Our goal is to gather a detailed trace of network activity at SIGCOMM 2008
to improve 802.11 tracing techniques as part of the
Wifidelity project
and enable analysis of the behavior of a wireless LAN that is (presumably)
heavily used. Besides using this data for our research, we also plan to
make the traces available to the research community.
Q2. Who is gathering the traces?
The traces are being gathered by a team of researchers from University of
Maryland, College Park:
Aaron Schulman,
Dave Levin, and
Neil Spring;
in coordination with the local arrangements chair,
Ratul Mahajan
from Microsoft.
Q3. Who has approved this tracing project?
The tracing plan has been approved by the SIGCOMM 2008 Executive Committee.
Q4. What is being traced?
We are recording network protocol information from all wired and wireless
packets sent on the SIGCOMM-ONLY-Traced wireless network. The
information being recorded for each packet includes physical layer
information such as the wireless signal strength as well as the 802.11, IP,
TCP, UDP, and ICMP headers, depending on the packet type. We are not
recording packet payloads above the transport layer except for DHCP and DNS
payloads. However, we are anonymizing or deleting potentially sensitive
information such as MAC and IP addresses, and DNS names.
Q5. How is the trace being anonymized?
MAC addresses and IP addresses will be anonymized using
AnonTool.
Q6. Will the packet payload be captured or stored?
Packet payload will be recorded for DHCP and DNS requests and responses.
However, information such as DNS names and IP addresses contained in the
payload will be anonymized after being stored.
Q7. Will my activities be identifiable?
Given that the traces are being anonymized after collection and the
non-anonymized traces will be encrypted during transport and destroyed post
anonymization, we believe that it would be difficult for anyone to identify
users or learn which Internet services or hosts they have communicated
with. That said, we are not in a position to prove that no such information
can be gleaned from the anonymized traces.
Q8. What will be done with the anonymized data? Who will have access?
The anonymized traces will be made available to the research community, for
example, through a repository such as CRAWDAD
We plan to make the data available within 6 months after SIGCOMM 2008.
Q9. Will any non-anonymized data be stored?
Yes, we will be anonymizing the trace offline after collection. However
after the traces have been anonymized, the non-anonmyized data will be
destroyed.
Q10. Who will have access to the non-anonymized data, and for how long?

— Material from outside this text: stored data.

Lemma normalize_testbit n k (w : card n) : k < n -> Nat.testbit w k ->
  exists2 g, quad_preserving g &
    g w = card_of n (2 ^ k) /\ forall x : card n, x < 2 ^ k -> g x = x.
Proof.
move=> kn wk; have pow_lt : 2 ^ k < 2 ^ n by rewrite ltn_exp2l.
pose v := Nat.lxor w (2 ^ k).
have vk : Nat.testbit v k = false by rewrite Nat.lxor_spec wk testbit_pow2 eqxx.
exists (card_map (transvection_ltn k (lxor_ltn_pow2 (ltn_ord w) pow_lt))).
  exact: quad_preserving_card_map (transvection_involutive vk) (@is_quad_transvection _ _).
split=> [|x /ltn_pow2_testbit x_hi]; apply: val_inj => /=.
  by rewrite val_card_of // /transvection wk -Nat.lxor_assoc Nat.lxor_nilpotent Nat.lxor_0_l.
by rewrite transvection_id // x_hi.
Qed.

Lemma normalize_pow2 n k (w : card n) : k < n -> 2 ^ k <= w ->
  exists2 g, quad_preserving g &
    g w = card_of n (2 ^ k) /\ forall x : card n, x < 2 ^ k -> g x = x.
Proof.
move=> kn kw; have [wk|wk] := boolP (Nat.testbit w k); first exact: normalize_testbit.
have w_gt0 : 0 < w := leq_trans (pow2_gt0 k) kw.
pose j := Nat.log2 w.
have wj : Nat.testbit w j by apply: Nat.bit_log2; case: (val w) w_gt0.
have kj : k < j.
  rewrite ltn_neqAle; apply/andP; split; first by apply: contraNneq wk => ->.
  by apply/leP/Nat.log2_le_pow2; [exact/ltP | rewrite -expn_Natpow; exact/leP].
have pow_lt : 2 ^ k < 2 ^ n by rewrite ltn_exp2l.
have vj : Nat.testbit (2 ^ k) j = false by rewrite testbit_pow2 ltn_eqF.
pose h := card_map (transvection_ltn j pow_lt).
have h_qp : quad_preserving h.
  exact: quad_preserving_card_map (transvection_involutive vj) (@is_quad_transvection _ _).
have hw : Nat.testbit (h w) k by rewrite testbit_transvection wj (negbTE wk) testbit_pow2 eqxx.
have [g g_qp [gw g_fix]] := normalize_testbit kn hw.
exists (g \o h); first exact: quad_preserving_comp.
split=> // x xk /=; rewrite -[RHS]g_fix //; congr g; apply: val_inj => /=.
by rewrite transvection_id //; move/ltn_pow2_testbit: xk; apply; apply: ltnW.
Qed.

Lemma exists_normalizer n k (s : seq (card n)) (w : card n) : k < n ->
  (forall m, m < 2 ^ k -> m \in map val s) -> w \notin s ->
  exists2 g, quad_preserving g &
    g w = card_of n (2 ^ k) /\ forall m, m < 2 ^ k -> g (card_of n m) = card_of n m.
Proof.
move=> kn s_cover w_new.
have kw : 2 ^ k <= w.
  by rewrite leqNgt; apply: contra w_new => /s_cover; rewrite (mem_map val_inj).
have [g g_qp [gw g_fix]] := normalize_pow2 kn kw.
exists g => //; split=> // m mk; apply: g_fix.
have m_lt : m < 2 ^ n by rewrite (ltn_trans mk) ?ltn_exp2l.
by rewrite val_card_of.
Qed.

Definition affine_span2 n (z : card n * card n) : seq (card n) :=
  let: (a, b) := z in [:: a; b].

Definition affine_span3 n (z : card n * card n * card n) : seq (card n) :=
  let: (a, b, c) := z in [:: a; b; c; xor3 a b c].

Definition affine_span4 n (z : card n * card n * card n * card n) : seq (card n) :=
  let: (a, b, c, d) := z in
  [:: a; b; c; d; xor3 a b c; xor3 a b d; xor3 a c d; xor3 b c d].

Definition frame n := (card n * card n * card n * card n * card n)%type.

Definition indep2 n (z : card n * card n) := z.2 \notin [:: z.1].
Definition indep3 n (z : card n * card n * card n) := indep2 z.1 && (z.2 \notin affine_span2 z.1).
Definition indep4 n (z : card n * card n * card n * card n) :=
  indep3 z.1 && (z.2 \notin affine_span3 z.1).
Definition indep5 n (t : frame n) := indep4 t.1 && (t.2 \notin affine_span4 t.1).

Lemma indep5E n (a b c d e : card n) : indep5 (a, b, c, d, e) =
  [&& b \notin [:: a], c \notin affine_span2 (a, b), d \notin affine_span3 (a, b, c)
    & e \notin affine_span4 (a, b, c, d)].
Proof. by rewrite /indep5 /indep4 /indep3 /indep2 /= !andbA. Qed.

(* Bitwise case analysis proves a disequality between xor-combinations of cards
   from one of the disequalities in the context. *)
Ltac xor_neq :=
  let uv := fresh "uv" in let i := fresh "i" in
  apply/negP => /eqP /(congr1 val) /=; intro uv;
  match goal with H : is_true (?p != ?q) |- False =>
    case/negP: H; apply/eqP/val_inj/Nat.bits_inj; intro i; simpl;
    move/(f_equal (Nat.testbit^~ i)): uv; rewrite ?Nat.lxor_spec; bit_cases i; done
  end.

Ltac xor_distinct :=
  rewrite /= ?inE ?negb_or;
  repeat match goal with H : is_true (_ && _) |- _ => case/andP: H => ? ? end;
  repeat (apply/andP; split); try done; xor_neq.

Lemma uniq_affine_span3 n (z : card n * card n * card n) : indep3 z -> uniq (affine_span3 z).
Proof. by case: z => [[a b] c]; rewrite /indep3 /indep2 /= !inE !negb_or => ?; xor_distinct. Qed.

Lemma uniq_affine_span4 n (z : card n * card n * card n * card n) :
  indep4 z -> uniq (affine_span4 z).
Proof.
by case: z => [[[a b] c] d]; rewrite /indep4 /indep3 /indep2 /= !inE !negb_or => ?; xor_distinct.
Qed.

Lemma indep5_of_uniq n (a b c d e : card n) :
  uniq [:: a; b; c; xor3 a b c; d; e; xor3 a d e] -> indep5 (a, b, c, d, e).
Proof. by rewrite indep5E /= !inE !negb_or => ?; xor_distinct. Qed.

Lemma card_notin (T : finType) (s : seq T) : uniq s -> #|[pred y | y \notin s]| = #|T| - size s.
Proof. by move=> s_uniq; rewrite -(card_uniqP s_uniq) -(cardC (mem s)) addKn. Qed.
(* The [m]-th set is covered with total length [eps / 2^(m+2)]; the covers are
   interleaved along the Cantor pairing. *)
Lemma null_set_countable_union (N : nat -> R -> Prop) :
  (forall m, null_set (N m)) -> null_set (fun x => exists m, N m x).
Proof.
intros Hn eps He.
assert (Hex : forall m, exists ab : (nat -> R) * (nat -> R),
  (forall k, fst ab k <= snd ab k) /\
  (forall x, N m x -> exists k, fst ab k <= x <= snd ab k) /\
  (forall q, fsum (fun k => snd ab k - fst ab k) q < eps / 2 ^ (m + 2))).
{ intro m. assert (Hpos : 0 < eps / 2 ^ (m + 2)) by (apply Rdiv_lt_0_compat; [lra|apply pow_lt; lra]).
  destruct (Hn m _ Hpos) as [aa [bb Hab]]. exists (aa, bb). exact Hab. }
destruct (choice _ Hex) as [cover Hcover].
set (A := fun k => fst (cover (fst (Cantor.of_nat k))) (snd (Cantor.of_nat k))).
set (B := fun k => snd (cover (fst (Cantor.of_nat k))) (snd (Cantor.of_nat k))).
exists A, B. split; [|split].
- intro k. apply Hcover.
- intros x [m Hm]. destruct (proj1 (proj2 (Hcover m)) x Hm) as [i Hi].
  exists (Cantor.to_nat (m, i)). unfold A, B. rewrite Cantor.cancel_of_to. exact Hi.
- intro M.
  assert (Hsum := fsum_cantor_le (fun m i => snd (cover m) i - fst (cover m) i)
                    (fun m => eps / 2 ^ (m + 2))).
  assert (Hsum_M : fsum (fun k => B k - A k) M <= eps / 2 - eps / 2 ^ (M + 1)).
  { rewrite <- fsum_geometric. apply Hsum.
    - intros m i. pose proof (proj1 (Hcover m) i). lra.
    - intros m q. left. apply Hcover. }
  assert (0 < eps / 2 ^ (M + 1)) by (apply Rdiv_lt_0_compat; [lra|apply pow_lt; lra]).
  lra.
Qed.

Definition time_domain_partition (E : R -> nat -> Prop) T J (tt : nat -> R) : Prop :=
  tt 0%nat = 0 /\ (forall k, (k <= J)%nat -> tt k <= tt (S k)) /\
  forall (s : R) (k : nat), (E s k /\ 0 <= s <= T /\ (k <= J)%nat) <->
                            ((k <= J)%nat /\ tt k <= s <= tt (S k)).

Lemma time_domain_partition_exists E T J :
  hybrid_time_domain E -> E T J -> exists tt, time_domain_partition E T J tt.
Proof. intros [_ HE] HT. exact (HE T J HT). Qed.
Lemma sqr_le_expR x : x ^+ 2 <= 4 * (expR x + expR (- x)).
Proof.
have sqr_le_4expR y : 0 <= y -> y ^+ 2 <= 4 * expR y.
  move=> y_ge0; have half_ge0 : 0 <= y / 2 by lra.
  have := expR_ge1Dx (y / 2).
  have -> : expR y = expR (y / 2) ^+ 2 by rewrite -expRM_natl; congr expR; lra.
  nra.
have := expR_ge0 x; have := expR_ge0 (- x).
case: (lerP 0 x) => [x_ge0|x_lt0]; first by have := sqr_le_4expR x x_ge0; lra.
by rewrite -sqrrN; have := sqr_le_4expR (- x) ltac:(lra); lra.
Qed.

Section lambda_tradeoff.
Variables (s L rho y : R).
Hypothesis s_gt0 : 0 < s.
Hypothesis bound_lambda : forall lam, 0 < lam -> 2 * s ^+ 2 * lam <= 1 ->
  rho ^+ 2 * (1 - 2 * s ^+ 2 * lam) - L / lam <= y.

Lemma lambda_tradeoff_pos : 0 < L -> s * Num.sqrt (2 * L) <= rho ->
  rho ^+ 2 - rho * s * Num.sqrt (8 * L) <= y.
Proof.
move=> L_gt0 rho_ge.
set r := Num.sqrt L; set r2 := Num.sqrt (2 : R).
have r_gt0 : 0 < r by rewrite sqrtr_gt0.
have r2_gt0 : 0 < r2 by rewrite sqrtr_gt0.
have r2_sqr : r2 ^+ 2 = 2 by rewrite sqr_sqrtr.
have r_sqr : r ^+ 2 = L by rewrite sqr_sqrtr // ltW.
have sqrt2L : Num.sqrt (2 * L) = r2 * r by rewrite sqrtrM.
have sqrt8L : Num.sqrt (8 * L) = 2 * r2 * r.
  rewrite sqrtrM // (_ : 8 = 2 ^+ 2 * 2 :> R); last by rewrite expr2; lra.
  by rewrite sqrtrM ?sqr_ge0 // sqrtr_sqr ger0_norm.
rewrite sqrt2L in rho_ge; rewrite sqrt8L.
have rho_gt0 : 0 < rho by apply: lt_le_trans rho_ge; rewrite !mulr_gt0.
pose lam := r / (r2 * s * rho).
have lam_gt0 : 0 < lam by rewrite divr_gt0 // !mulr_gt0.
have lam_le : 2 * s ^+ 2 * lam = s * (r2 * r) / rho.
  by rewrite /lam -[X in X * s ^+ 2]r2_sqr; field; rewrite !gt_eqF.
have := bound_lambda lam_gt0.
rewrite lam_le ler_pdivrMr // mul1r => /(_ rho_ge).
suff -> : rho ^+ 2 * (1 - s * (r2 * r) / rho) - L / lam
        = rho ^+ 2 - rho * s * (2 * r2 * r) by [].
rewrite /lam -r_sqr.
by field; rewrite !gt_eqF.
Qed.

Lemma lambda_tradeoff_zero : L = 0 -> rho ^+ 2 <= y.
Proof.
move=> L0; have two_s2_gt0 : 0 < 2 * s ^+ 2 by rewrite mulr_gt0 ?exprn_gt0.
have y_ge0 : 0 <= y.
  have := @bound_lambda (2 * s ^+ 2)^-1; rewrite invr_gt0 mulfV ?gt_eqF //.
  by rewrite L0 mul0r subrr mulr0 subr0; apply.
rewrite leNgt; apply/negP => y_lt.
have rho2_gt0 : 0 < rho ^+ 2 by lra.
pose lam := (rho ^+ 2 - y) / (2 * s ^+ 2 * (2 * rho ^+ 2)).
have lam_gt0 : 0 < lam by rewrite divr_gt0 ?subr_gt0 // mulr_gt0 // mulr_gt0.
have lam_eq : 2 * s ^+ 2 * lam = (rho ^+ 2 - y) / (2 * rho ^+ 2).
  by rewrite /lam; field; rewrite -sqrf_eq0 !gt_eqF.
have := bound_lambda lam_gt0; rewrite lam_eq L0 mul0r subr0.
have two_rho2_gt0 : 0 < 2 * rho ^+ 2 by lra.
rewrite ler_pdivrMr // mul1r => /(_ ltac:(lra)).
have -> : rho ^+ 2 * (1 - (rho ^+ 2 - y) / (2 * rho ^+ 2)) = (rho ^+ 2 + y) / 2.
  by field; rewrite -sqrf_eq0 gt_eqF.
lra.
Qed.

Lemma lambda_tradeoff : 0 <= L -> s * Num.sqrt (2 * L) <= rho ->
  rho ^+ 2 - rho * s * Num.sqrt (8 * L) <= y.
Proof.
move=> L_ge0; have [L_gt0|L_le0] := ltrP 0 L; first exact: lambda_tradeoff_pos.
have L0 : L = 0 by apply/eqP; rewrite eq_le L_le0 L_ge0.
by rewrite L0 !(mulr0, sqrtr0) subr0 => _; exact: lambda_tradeoff_zero.
Qed.

End lambda_tradeoff.
End real_inequalities.

Section nonneg_expectation.
Local Open Scope ereal_scope.
Variables (d : measure_display) (T : measurableType d) (R : realType).
Variable P : probability T R.
Implicit Types X Y Z : T -> R.

Lemma ge0_expectationD X Y :
  measurable_fun setT X -> measurable_fun setT Y ->
  (forall w, 0 <= X w)%R -> (forall w, 0 <= Y w)%R ->
  'E_P[X \+ Y] = 'E_P[X] + 'E_P[Y].
Proof.
move=> mX mY X_ge0 Y_ge0; rewrite unlock.
under eq_integral do rewrite EFinD.
by rewrite ge0_integralD //; do ?[exact/measurable_EFinP | move=> w _; rewrite lee_fin].
Qed.

Lemma ge0_expectationZl (k : R) X : (0 <= k)%R ->
  measurable_fun setT X -> (forall w, 0 <= X w)%R ->
  'E_P[fun w => (k * X w)%R] = k%:E * 'E_P[X].
Proof.
move=> k_ge0 mX X_ge0; rewrite unlock.
under eq_integral do rewrite EFinM.
rewrite ge0_integralZl_EFin //; first by move=> w _; rewrite lee_fin.
exact/measurable_EFinP.
Qed.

As noted in Q9, the anonymization will be done offline, so the University
of Maryland researchers listed in Q2 will have access to the non-anonymized
data during the time it takes to perform the offline anonymization (no more
than a few days after the trace collection is concluded). In the mean time
the trace data will be stored in an encrypted form. After the trace is
anonymized, the non-anonymized data will be destroyed.
Q11. What identifiable information could still be extracted from the final anonymized trace?
It may be possible to identify users using a side-channel attack, for
instance, by exploiting information such packet sizes and packet timing; we
do not plan to protect the data against such attacks. Also, we would like
to permit the identification of the manufacturer of a wireless NIC (which
could be useful when analyzing the traces), so the first 3 bytes of the MAC
address will be left non-anonymized. However, this could violate the
principle of k-anonymity, i.e., that it should not be possible to identify
any user as being a member of a group with fewer than k members. If a
group size is smaller than 10, our offline anonymization will replace this
MAC-address prefix with another value so as to create a group of at least
10 nodes (i.e., we set k to 10). So it would be possible to identify the
3-byte prefix of a node's MAC address provided that there are at least 10
nodes that share the same prefix.
Q12. How should I protect my data and identifiable activities if I use the wireless network?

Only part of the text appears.